Try it: Sift through the material below and return the lines with "mulVKf".

Data for the task:
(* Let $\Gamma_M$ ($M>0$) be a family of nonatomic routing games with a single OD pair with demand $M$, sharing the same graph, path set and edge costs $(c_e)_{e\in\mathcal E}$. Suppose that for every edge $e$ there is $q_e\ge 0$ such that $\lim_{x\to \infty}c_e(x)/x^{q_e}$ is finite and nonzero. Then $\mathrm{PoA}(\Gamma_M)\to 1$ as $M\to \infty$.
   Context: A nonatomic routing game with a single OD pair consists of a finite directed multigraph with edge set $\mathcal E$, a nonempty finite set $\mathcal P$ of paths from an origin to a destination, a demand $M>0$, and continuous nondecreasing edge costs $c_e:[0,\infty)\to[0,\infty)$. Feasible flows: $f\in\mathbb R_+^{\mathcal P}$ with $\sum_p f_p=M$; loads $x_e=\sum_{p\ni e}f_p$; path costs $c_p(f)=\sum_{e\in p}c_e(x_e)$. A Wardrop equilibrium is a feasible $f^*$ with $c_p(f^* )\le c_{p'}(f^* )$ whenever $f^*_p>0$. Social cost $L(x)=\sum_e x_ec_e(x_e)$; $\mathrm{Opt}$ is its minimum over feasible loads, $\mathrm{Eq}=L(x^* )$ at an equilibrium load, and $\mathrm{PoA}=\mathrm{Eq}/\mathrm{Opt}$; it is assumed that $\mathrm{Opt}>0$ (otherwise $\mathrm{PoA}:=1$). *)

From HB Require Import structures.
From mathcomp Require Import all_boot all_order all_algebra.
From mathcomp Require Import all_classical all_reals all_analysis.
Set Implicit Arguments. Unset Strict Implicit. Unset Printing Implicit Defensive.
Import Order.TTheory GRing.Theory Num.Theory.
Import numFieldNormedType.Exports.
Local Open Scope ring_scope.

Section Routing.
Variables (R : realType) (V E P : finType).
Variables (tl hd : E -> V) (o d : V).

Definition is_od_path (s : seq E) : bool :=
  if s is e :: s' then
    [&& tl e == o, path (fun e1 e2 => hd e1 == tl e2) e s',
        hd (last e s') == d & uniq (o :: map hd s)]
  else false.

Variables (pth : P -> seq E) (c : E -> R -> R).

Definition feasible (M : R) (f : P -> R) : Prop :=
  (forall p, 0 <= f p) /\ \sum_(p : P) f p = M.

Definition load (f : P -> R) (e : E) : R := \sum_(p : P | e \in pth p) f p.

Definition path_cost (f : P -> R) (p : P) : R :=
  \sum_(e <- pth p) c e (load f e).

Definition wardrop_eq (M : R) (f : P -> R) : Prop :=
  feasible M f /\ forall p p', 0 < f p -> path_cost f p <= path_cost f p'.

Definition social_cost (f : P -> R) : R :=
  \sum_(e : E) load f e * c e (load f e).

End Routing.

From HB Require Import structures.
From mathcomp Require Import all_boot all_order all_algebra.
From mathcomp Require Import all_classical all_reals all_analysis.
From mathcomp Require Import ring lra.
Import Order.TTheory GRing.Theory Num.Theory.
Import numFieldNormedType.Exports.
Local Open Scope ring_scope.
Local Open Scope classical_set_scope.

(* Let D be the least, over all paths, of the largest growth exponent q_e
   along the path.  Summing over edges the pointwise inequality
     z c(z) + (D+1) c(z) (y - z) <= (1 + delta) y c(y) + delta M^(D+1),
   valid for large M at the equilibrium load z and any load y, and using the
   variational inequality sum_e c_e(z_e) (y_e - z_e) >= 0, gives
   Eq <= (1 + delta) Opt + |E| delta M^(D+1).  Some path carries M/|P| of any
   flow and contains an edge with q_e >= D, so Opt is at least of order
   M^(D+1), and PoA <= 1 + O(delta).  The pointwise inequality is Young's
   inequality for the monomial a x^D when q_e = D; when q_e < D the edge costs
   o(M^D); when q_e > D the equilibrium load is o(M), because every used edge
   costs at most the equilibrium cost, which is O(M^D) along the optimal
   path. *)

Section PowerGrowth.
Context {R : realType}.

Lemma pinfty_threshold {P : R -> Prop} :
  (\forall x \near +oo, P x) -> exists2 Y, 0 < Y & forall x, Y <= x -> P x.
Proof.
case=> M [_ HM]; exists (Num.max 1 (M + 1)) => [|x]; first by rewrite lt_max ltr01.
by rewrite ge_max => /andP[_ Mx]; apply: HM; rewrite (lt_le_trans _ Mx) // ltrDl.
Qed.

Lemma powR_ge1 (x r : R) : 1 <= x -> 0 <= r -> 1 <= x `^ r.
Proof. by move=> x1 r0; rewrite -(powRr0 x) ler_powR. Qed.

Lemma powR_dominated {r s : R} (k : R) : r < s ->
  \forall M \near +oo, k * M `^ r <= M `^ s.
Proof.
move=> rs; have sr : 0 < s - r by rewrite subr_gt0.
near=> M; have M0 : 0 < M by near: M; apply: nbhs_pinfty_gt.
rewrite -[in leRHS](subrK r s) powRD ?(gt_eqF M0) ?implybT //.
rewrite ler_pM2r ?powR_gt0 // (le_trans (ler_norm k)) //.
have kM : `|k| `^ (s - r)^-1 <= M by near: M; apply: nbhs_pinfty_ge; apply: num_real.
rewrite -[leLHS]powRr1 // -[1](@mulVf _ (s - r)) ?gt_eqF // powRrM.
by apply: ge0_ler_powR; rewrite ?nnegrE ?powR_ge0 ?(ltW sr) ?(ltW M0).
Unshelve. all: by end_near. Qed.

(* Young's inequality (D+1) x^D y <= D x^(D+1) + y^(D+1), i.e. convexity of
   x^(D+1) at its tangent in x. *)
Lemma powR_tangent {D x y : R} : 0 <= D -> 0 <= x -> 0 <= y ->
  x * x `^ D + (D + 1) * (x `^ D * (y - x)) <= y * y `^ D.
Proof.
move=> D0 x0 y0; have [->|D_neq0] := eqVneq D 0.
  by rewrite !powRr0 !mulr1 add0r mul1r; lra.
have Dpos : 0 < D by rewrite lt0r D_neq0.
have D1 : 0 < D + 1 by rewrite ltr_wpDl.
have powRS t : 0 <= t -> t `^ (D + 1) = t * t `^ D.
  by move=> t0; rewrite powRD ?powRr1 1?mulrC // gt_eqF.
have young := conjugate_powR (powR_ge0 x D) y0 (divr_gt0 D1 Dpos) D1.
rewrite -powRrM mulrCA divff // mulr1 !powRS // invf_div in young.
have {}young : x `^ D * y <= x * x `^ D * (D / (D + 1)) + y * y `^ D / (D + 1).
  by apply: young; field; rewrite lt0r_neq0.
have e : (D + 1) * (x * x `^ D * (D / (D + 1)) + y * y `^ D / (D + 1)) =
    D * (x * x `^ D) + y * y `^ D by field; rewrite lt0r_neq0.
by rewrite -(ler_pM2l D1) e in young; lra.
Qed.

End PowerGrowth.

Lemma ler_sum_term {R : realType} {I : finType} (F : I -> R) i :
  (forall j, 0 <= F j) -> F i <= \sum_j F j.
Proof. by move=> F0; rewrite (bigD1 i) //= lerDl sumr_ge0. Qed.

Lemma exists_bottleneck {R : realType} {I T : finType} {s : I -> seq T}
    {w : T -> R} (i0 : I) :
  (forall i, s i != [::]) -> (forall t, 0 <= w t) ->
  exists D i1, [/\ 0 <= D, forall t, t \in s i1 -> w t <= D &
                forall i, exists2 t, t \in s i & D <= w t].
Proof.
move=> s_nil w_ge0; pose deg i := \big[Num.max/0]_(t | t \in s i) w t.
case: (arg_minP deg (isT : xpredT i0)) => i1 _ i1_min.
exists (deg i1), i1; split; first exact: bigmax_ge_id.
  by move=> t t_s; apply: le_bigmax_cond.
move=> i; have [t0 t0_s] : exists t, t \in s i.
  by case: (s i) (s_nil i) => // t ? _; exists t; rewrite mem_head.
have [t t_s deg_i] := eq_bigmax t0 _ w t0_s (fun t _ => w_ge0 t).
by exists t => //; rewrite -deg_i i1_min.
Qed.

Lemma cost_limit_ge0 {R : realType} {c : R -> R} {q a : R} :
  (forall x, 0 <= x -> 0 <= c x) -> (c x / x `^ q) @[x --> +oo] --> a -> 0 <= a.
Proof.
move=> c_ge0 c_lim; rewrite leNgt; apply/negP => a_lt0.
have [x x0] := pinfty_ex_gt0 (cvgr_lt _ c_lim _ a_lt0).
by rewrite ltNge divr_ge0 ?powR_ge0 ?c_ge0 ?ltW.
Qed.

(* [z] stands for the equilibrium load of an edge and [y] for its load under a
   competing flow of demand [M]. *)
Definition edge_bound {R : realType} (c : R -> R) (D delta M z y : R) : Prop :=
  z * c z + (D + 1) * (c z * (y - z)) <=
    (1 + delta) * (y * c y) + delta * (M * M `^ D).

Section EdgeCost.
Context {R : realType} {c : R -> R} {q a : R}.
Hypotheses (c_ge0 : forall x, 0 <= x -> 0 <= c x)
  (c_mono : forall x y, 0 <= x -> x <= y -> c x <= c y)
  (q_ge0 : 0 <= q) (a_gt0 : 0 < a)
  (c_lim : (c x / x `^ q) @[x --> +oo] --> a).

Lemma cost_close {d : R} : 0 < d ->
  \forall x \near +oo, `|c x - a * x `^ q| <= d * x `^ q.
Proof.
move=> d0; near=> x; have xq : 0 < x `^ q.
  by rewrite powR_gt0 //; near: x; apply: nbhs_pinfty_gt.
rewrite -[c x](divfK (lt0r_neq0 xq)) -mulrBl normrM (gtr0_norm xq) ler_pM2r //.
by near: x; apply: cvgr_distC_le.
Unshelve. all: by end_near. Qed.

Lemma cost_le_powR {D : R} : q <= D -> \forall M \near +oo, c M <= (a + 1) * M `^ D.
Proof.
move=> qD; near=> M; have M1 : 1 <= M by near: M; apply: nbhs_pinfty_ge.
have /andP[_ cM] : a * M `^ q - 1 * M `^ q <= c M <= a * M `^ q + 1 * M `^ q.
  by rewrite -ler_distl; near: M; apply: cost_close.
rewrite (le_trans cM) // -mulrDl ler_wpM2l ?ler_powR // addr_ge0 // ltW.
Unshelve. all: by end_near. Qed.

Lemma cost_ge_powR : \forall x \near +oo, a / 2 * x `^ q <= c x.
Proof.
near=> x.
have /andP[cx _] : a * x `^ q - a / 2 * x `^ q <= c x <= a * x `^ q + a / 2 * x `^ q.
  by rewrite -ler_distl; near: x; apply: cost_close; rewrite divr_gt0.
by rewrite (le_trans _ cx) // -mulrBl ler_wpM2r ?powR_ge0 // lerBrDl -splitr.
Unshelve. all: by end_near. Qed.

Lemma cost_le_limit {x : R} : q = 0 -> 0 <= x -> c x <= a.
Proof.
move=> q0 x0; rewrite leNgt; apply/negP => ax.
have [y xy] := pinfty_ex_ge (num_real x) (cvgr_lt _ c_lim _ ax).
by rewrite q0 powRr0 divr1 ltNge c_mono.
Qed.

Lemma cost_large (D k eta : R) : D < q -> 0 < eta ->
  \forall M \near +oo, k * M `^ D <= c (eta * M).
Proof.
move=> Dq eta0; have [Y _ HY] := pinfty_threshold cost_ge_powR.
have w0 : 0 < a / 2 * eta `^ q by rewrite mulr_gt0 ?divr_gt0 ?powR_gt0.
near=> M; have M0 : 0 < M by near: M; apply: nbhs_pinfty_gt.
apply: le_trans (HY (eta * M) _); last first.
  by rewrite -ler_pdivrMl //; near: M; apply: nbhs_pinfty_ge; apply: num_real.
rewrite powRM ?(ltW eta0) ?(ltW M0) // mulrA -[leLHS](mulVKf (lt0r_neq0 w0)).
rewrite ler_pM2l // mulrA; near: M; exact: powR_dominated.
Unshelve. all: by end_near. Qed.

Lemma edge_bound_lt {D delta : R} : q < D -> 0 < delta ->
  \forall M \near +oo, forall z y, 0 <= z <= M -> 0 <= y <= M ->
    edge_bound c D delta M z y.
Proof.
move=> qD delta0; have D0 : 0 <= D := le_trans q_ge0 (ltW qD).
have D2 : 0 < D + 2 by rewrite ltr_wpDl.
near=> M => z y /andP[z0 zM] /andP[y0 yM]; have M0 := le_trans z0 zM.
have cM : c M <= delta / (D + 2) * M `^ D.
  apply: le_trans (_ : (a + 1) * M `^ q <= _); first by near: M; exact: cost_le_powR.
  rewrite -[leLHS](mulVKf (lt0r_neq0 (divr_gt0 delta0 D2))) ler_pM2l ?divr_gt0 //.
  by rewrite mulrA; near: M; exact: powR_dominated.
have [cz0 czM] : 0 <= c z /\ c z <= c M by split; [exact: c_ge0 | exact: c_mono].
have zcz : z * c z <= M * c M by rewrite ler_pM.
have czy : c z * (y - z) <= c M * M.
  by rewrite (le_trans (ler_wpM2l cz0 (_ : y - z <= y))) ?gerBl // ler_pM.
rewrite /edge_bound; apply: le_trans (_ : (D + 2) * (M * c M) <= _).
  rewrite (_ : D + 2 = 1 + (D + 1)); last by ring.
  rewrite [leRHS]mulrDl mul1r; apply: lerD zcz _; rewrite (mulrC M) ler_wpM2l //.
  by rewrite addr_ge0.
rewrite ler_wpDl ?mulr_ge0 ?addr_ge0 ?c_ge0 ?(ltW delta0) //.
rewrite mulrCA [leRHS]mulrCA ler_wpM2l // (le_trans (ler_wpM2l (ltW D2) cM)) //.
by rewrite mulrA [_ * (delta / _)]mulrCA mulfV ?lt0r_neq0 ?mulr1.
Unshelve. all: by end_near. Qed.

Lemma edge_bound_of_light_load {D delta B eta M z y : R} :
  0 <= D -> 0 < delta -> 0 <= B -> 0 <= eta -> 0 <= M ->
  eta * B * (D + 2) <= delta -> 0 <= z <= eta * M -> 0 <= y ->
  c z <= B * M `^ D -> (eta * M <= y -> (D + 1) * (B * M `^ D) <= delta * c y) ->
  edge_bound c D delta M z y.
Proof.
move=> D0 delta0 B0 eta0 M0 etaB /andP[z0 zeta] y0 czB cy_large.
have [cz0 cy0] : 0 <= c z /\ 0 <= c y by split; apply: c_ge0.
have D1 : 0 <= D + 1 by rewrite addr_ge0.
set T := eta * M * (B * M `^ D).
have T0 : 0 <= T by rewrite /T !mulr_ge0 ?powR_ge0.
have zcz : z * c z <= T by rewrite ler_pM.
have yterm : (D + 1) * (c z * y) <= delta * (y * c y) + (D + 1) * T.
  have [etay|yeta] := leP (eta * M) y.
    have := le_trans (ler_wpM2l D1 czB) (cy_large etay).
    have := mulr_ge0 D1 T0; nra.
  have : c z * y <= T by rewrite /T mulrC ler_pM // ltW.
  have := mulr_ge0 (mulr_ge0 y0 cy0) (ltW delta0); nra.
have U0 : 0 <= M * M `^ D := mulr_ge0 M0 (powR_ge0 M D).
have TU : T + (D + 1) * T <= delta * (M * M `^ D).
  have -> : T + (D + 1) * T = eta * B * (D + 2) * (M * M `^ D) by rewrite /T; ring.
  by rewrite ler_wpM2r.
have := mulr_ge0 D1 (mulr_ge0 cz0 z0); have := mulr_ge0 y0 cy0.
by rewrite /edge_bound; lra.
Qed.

Response to the task:
rewrite powRM ?(ltW eta0) ?(ltW M0) // mulrA -[leLHS](mulVKf (lt0r_neq0 w0)).
  rewrite -[leLHS](mulVKf (lt0r_neq0 (divr_gt0 delta0 D2))) ler_pM2l ?divr_gt0 //.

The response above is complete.